▸ **TASK TO COMPLETE**
Print the data below exactly, but only the lines from the one containing "rewrite !validD // addrC." down to the one containing "- (c - 1 + a/2)/2", inclusive.

▸ **RECORD SET**
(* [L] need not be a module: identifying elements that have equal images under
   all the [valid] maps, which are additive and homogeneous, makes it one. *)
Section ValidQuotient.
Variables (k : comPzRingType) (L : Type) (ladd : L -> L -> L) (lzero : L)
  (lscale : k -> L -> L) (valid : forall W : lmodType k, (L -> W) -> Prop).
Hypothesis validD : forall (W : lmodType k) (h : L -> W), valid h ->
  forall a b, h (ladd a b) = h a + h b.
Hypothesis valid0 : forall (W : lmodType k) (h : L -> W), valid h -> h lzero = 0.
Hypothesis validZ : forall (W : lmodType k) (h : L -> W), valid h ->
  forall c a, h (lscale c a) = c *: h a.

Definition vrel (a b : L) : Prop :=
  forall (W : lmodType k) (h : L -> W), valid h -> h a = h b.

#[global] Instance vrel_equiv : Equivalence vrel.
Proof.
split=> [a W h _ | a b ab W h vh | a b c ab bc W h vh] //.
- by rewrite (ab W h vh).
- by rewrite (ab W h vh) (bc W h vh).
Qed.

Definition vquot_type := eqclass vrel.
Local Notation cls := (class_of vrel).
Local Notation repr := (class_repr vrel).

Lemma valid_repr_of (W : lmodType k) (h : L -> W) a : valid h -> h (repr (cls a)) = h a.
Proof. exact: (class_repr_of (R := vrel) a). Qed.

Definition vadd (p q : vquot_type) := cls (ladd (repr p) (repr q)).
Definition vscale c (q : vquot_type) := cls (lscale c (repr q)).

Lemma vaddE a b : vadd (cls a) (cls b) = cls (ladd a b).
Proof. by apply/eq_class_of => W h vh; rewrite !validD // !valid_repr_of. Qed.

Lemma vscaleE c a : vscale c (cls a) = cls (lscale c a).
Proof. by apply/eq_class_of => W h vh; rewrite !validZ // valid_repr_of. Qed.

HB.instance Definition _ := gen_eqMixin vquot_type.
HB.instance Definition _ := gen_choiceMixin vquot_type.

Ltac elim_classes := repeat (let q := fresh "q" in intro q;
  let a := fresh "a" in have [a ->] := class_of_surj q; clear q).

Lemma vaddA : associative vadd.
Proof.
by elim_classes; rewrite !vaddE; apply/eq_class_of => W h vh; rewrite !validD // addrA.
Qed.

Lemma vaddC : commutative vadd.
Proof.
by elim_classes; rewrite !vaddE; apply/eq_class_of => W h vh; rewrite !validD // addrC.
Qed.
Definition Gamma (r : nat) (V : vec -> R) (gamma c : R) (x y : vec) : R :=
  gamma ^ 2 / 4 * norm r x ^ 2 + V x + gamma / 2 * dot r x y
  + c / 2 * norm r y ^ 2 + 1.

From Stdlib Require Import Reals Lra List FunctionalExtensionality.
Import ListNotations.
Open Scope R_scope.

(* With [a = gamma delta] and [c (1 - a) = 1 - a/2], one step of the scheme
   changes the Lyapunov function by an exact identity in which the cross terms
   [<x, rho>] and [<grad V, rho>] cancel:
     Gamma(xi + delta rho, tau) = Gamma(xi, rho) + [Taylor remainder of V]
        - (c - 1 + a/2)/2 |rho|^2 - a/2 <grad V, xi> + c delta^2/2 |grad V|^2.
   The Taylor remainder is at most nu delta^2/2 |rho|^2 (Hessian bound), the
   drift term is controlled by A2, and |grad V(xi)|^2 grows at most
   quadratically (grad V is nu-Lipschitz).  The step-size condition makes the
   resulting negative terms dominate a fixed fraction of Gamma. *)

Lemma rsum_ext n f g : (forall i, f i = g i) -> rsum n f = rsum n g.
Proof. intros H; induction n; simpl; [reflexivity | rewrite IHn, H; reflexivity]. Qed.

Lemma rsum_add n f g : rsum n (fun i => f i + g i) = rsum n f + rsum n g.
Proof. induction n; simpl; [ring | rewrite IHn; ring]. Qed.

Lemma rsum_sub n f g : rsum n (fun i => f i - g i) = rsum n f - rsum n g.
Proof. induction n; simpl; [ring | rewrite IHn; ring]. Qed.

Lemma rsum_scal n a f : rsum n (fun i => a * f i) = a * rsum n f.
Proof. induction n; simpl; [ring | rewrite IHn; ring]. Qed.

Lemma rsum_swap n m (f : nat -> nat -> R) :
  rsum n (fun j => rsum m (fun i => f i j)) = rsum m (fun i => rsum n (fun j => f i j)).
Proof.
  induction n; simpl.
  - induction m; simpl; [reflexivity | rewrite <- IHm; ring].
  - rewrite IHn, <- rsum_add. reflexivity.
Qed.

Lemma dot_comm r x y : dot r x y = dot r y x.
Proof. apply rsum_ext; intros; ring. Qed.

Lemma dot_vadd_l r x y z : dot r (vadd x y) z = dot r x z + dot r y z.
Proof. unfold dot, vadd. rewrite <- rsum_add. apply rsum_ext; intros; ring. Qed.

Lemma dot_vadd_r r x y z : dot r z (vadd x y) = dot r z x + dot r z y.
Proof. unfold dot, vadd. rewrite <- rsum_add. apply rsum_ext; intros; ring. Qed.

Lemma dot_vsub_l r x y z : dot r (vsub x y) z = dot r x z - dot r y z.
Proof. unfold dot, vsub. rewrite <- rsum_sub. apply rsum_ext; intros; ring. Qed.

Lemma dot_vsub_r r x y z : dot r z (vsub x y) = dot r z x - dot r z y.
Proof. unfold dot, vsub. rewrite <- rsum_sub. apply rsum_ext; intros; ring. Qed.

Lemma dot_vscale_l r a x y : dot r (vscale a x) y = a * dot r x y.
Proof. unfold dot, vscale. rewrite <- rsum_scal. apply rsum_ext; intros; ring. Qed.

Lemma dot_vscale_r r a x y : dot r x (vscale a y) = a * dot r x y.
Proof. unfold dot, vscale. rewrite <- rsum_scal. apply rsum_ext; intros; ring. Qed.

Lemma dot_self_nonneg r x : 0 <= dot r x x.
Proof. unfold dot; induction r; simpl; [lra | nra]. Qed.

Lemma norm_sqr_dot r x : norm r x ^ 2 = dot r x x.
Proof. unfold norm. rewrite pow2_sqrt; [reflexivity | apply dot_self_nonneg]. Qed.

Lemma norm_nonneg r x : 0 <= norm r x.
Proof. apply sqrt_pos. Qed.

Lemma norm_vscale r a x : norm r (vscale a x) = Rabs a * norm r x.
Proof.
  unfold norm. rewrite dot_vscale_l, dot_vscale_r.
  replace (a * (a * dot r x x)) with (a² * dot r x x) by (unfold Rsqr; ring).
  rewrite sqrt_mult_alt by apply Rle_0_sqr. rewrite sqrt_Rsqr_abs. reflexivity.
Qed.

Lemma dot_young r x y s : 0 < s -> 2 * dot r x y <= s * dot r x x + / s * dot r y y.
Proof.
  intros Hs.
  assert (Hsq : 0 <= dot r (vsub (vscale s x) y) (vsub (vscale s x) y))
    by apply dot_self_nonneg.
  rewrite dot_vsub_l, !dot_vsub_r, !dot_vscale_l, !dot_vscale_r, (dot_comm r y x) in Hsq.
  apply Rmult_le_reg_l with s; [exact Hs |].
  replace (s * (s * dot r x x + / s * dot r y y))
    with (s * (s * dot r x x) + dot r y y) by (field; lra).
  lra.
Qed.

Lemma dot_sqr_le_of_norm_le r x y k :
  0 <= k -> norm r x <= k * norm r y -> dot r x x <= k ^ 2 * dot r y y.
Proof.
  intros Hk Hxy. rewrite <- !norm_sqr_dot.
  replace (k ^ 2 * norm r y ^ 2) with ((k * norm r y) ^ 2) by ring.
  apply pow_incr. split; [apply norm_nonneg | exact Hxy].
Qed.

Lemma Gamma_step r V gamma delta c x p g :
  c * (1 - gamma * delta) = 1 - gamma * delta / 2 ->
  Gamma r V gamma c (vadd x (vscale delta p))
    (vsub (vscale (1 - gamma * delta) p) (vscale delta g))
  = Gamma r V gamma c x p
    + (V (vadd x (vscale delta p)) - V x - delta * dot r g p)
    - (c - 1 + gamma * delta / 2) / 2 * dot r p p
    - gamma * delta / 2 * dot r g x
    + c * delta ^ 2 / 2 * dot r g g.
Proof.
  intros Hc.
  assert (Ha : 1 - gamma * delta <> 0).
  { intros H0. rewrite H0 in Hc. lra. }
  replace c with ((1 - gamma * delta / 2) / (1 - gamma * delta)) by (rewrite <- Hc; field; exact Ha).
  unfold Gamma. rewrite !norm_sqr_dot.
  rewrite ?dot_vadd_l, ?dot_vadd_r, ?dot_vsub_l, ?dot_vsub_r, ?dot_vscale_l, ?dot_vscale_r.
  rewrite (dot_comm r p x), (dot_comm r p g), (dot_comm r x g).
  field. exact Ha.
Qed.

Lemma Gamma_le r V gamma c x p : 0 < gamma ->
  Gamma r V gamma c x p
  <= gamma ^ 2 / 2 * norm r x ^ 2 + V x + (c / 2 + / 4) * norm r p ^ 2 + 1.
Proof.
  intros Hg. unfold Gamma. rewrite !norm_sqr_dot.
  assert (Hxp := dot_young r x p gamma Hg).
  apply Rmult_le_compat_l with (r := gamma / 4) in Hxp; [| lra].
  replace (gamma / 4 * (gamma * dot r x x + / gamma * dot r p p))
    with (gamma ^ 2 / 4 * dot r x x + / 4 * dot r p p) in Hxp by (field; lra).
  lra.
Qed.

▸ **RESPONSE AREA**
by elim_classes; rewrite !vaddE; apply/eq_class_of => W h vh; rewrite !validD // addrC.
Qed.
Definition Gamma (r : nat) (V : vec -> R) (gamma c : R) (x y : vec) : R :=
  gamma ^ 2 / 4 * norm r x ^ 2 + V x + gamma / 2 * dot r x y
  + c / 2 * norm r y ^ 2 + 1.

From Stdlib Require Import Reals Lra List FunctionalExtensionality.
Import ListNotations.
Open Scope R_scope.

(* With [a = gamma delta] and [c (1 - a) = 1 - a/2], one step of the scheme
   changes the Lyapunov function by an exact identity in which the cross terms
   [<x, rho>] and [<grad V, rho>] cancel:
     Gamma(xi + delta rho, tau) = Gamma(xi, rho) + [Taylor remainder of V]
        - (c - 1 + a/2)/2 |rho|^2 - a/2 <grad V, xi> + c delta^2/2 |grad V|^2.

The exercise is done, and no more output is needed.